Max Landa (; 24 April 1873 – 8 November 1933; born Max Landau) was a Russian Empire-born Austrian silent film and stage actor.

Career
Landa attended the Handelsakademie (commercial academy) in Vienna and took classes with acting teacher  in the same city.

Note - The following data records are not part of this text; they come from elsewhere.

(* Let $f\colon M\to\mathbb H$ be a minimal conformal immersion with conjugate surface $f^*$, and let $\hat f$ be its simple factor dressing with parameters $(\mu,m,n)$, $\mu\in\mathbb C\setminus\{0,1\}$, $m,n\in\mathbb H_*$. Then $\hat f$ is a minimal surface in $\mathbb H$; $\hat f$ is unchanged if $(\mu,m,n)$ is replaced by $(\mu,mz,nw)$ for any $z,w\in\mathbb C_*$ or by $(\bar\mu^{-1},mj,nj)$; and if $\mu\in S^1\setminus\{1\}$ then $\hat f=f$.
   Context: Quaternions $\mathbb H$, $\mathbb H_*=\mathbb H\setminus\{0\}$, $\mathbb C=\operatorname{span}_{\mathbb R}\{1,i\}\subset\mathbb H$, $\mathbb C_*=\mathbb C\setminus\{0\}$. $M$ Riemann surface, $\tilde M$ universal cover, $*\omega(X)=\omega(JX)$; a conjugate surface of minimal $f$ is $f^*\colon\tilde M\to\mathbb H$ with $df^*=-*df$. Simple factor dressing: for $\mu\in\mathbb C\setminus\{0,1\}$ put $a=\frac{\mu+\mu^{-1}}2$, $b=i\frac{\mu^{-1}-\mu}2$; for $m,n\in\mathbb H_*$ the simple factor dressing of $f$ with parameters $(\mu,m,n)$ is $$\hat f=-f\frac{m(a-1)m^{-1}}2+f^*\frac{mbm^{-1}}2-n\frac{b}{a-1}n^{-1}\Big(f\frac{mbm^{-1}}2+f^*\frac{m(a-1)m^{-1}}2\Big)\colon\tilde M\to\mathbb H;$$ for $m=n=1$ it is denoted $f^\mu$ (simple factor dressing with parameter $\mu$). *)

From Stdlib Require Import Reals.
Open Scope R_scope.

(** Quaternions H = R^4 with basis 1, i, j, k. *)
Record quat := mkQ { q0 : R; q1 : R; q2 : R; q3 : R }.

Definition qzero : quat := mkQ 0 0 0 0.
Definition qone  : quat := mkQ 1 0 0 0.
Definition qi    : quat := mkQ 0 1 0 0.
Definition qj    : quat := mkQ 0 0 1 0.
Lemma row_nonexp_entries_add m m1 m2 :
  row_nonexp_entries d m1 -> row_nonexp_entries d m2 ->
  (forall i j, Cmod (m i j) <= Cmod (m1 i j) + Cmod (m2 i j)) ->
  row_nonexp_entries d m.
Proof.
  intros H1 H2 Hm. apply (row_nonexp_entries_of_tail _ 4); [lra|]. intros eps Heps.
  destruct (row_nonexp_entries_tail _ _ H1 Heps) as [N1 [HN1 T1]].
  destruct (row_nonexp_entries_tail _ _ H2 Heps) as [N2 [HN2 T2]].
  exists (Rmax N1 N2). split; [apply (Rlt_le_trans _ N1); [assumption | apply Rmax_l]|].
  intros i l Hl Hfar.
  specialize (T1 i l Hl (fun j Hj => Rle_lt_trans _ _ _ (Rmax_l N1 N2) (Hfar j Hj))).
  specialize (T2 i l Hl (fun j Hj => Rle_lt_trans _ _ _ (Rmax_r N1 N2) (Hfar j Hj))).
  eapply Rle_trans.
  - apply rsum_le with (g := fun j => 2 * Cmod (m1 i j) ^ 2 + 2 * Cmod (m2 i j) ^ 2).
    intros j _. apply sq_le_of_le_sum; [apply Cmod_ge_0 | apply Hm].
  - rewrite rsum_plus, !rsum_scal. lra.
Qed.

Lemma row_nonexp_entries_dom m m1 K :
  row_nonexp_entries d m1 -> (forall i j, Cmod (m i j) <= K * Cmod (m1 i j)) ->
  row_nonexp_entries d m.
Proof.
  intros H1 Hm. apply (row_nonexp_entries_of_tail _ (K ^ 2)); [apply pow2_ge_0|].
  intros eps Heps. destruct (row_nonexp_entries_tail _ _ H1 Heps) as [N [HN T1]].
  exists N. split; [assumption|]. intros i l Hl Hfar.
  eapply Rle_trans.
  - apply rsum_le with (g := fun j => K ^ 2 * Cmod (m1 i j) ^ 2). intros j _.
    rewrite <- Rpow_mult_distr. apply pow_incr. split; [apply Cmod_ge_0 | apply Hm].
  - rewrite rsum_scal. apply Rmult_le_compat_l; [apply pow2_ge_0 | exact (T1 i l Hl Hfar)].
Qed.

Lemma row_nonexp_entries_approx m :
  (forall eps, 0 < eps -> exists m', row_nonexp_entries d m' /\
     forall i l, NoDup l -> rsum (fun j => Cmod (m i j - m' i j) ^ 2) l <= eps) ->
  row_nonexp_entries d m.
Proof.
  intros Happrox. apply (row_nonexp_entries_of_tail _ 4); [lra|]. intros eps Heps.
  destruct (Happrox eps Heps) as [m' [Hm' Hclose]].
  destruct (row_nonexp_entries_tail _ _ Hm' Heps) as [N [HN T']].
  exists N. split; [assumption|]. intros i l Hl Hfar.
  eapply Rle_trans.
  - apply rsum_le with (g := fun j => 2 * Cmod (m' i j) ^ 2 + 2 * Cmod (m i j - m' i j) ^ 2).
    intros j _. replace (m i j) with (m' i j + (m i j - m' i j))%C at 1 by ring.
    apply Cmod_plus_sq.
  - rewrite rsum_plus, !rsum_scal.
    specialize (T' i l Hl Hfar). specialize (Hclose i l Hl). lra.
Qed.

Lemma sqsum_le_row_outside_ball m R0 eps i Bl :
  row_tail_le m R0 eps -> (forall j, In j Bl <-> d j i <= R0) ->
  sqsum_le (restrict (fun j => ~ In j Bl) (m i)) eps.
Proof.
  intros Htail HBl l Hl. rewrite sqsum_restrict. apply Htail.
  - apply NoDup_filter, Hl.
  - intros j Hj. apply filter_predb_In in Hj. rewrite HBl in Hj. lra.
Qed.

(* Column non-expansiveness in dual form, using (T x)_i = <x, T^* delta_i>. *)
Definition col_decay T : Prop :=
  forall eps, 0 < eps -> exists N, 0 < N /\
    forall i x S, sqsum_le x S -> (forall k, d k i <= N -> x k = 0%C) ->
      Cmod (T x i) ^ 2 <= eps * S.

Lemma col_decay_of_le T K :
  0 <= K ->
  (forall eps, 0 < eps -> exists N, 0 < N /\
     forall i x S, sqsum_le x S -> (forall k, d k i <= N -> x k = 0%C) ->
       Cmod (T x i) ^ 2 <= K * eps * S) ->
  col_decay T.
Proof.
  intros HK HT eps Heps.
  destruct (HT (eps / (K + 1))) as [N [HN HTN]]; [apply Rdiv_lt_0_compat; lra|].
  exists N. split; [assumption|]. intros i x S Hx Hsupp.
  eapply Rle_trans; [exact (HTN i x S Hx Hsupp)|].
  apply Rmult_le_compat_r; [exact (sqsum_le_nonneg x S Hx)|].
  apply mul_div_succ_le; lra.
Qed.

Lemma row_nonexp_adj_of_col_decay T :
  linear_l2 T -> col_decay T -> row_nonexp_entries d (fun i j => Cconj (T (delta j) i)).
Proof.
  intros HT Hdecay. apply (row_nonexp_entries_of_tail _ 1); [lra|]. intros eps Heps.
  destruct (Hdecay eps Heps) as [N [HN HTN]]. exists N. split; [assumption|].
  intros i L HL Hfar.
  rewrite (rsum_ext _ (fun j => Cmod (T (delta j) i) ^ 2))
    by (intros; rewrite Cmod_conj; reflexivity).
  rewrite Rmult_1_l. apply adj_row_sqsum_le_of_coord_bound; try assumption; [lra|].
  intros x S Hx Hsupp. apply (HTN i x S Hx).
  intros k Hk. apply Hsupp. intros HkL. specialize (Hfar k HkL). lra.
Qed.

After working as a bank clerk for a short period he decided to focus on his acting career in 1893. After working at various theatres in Austria and Germany for about twenty years he was discovered in Berlin as leading man by movie star Asta Nielsen with whom he played in several movies directed by Urban Gad.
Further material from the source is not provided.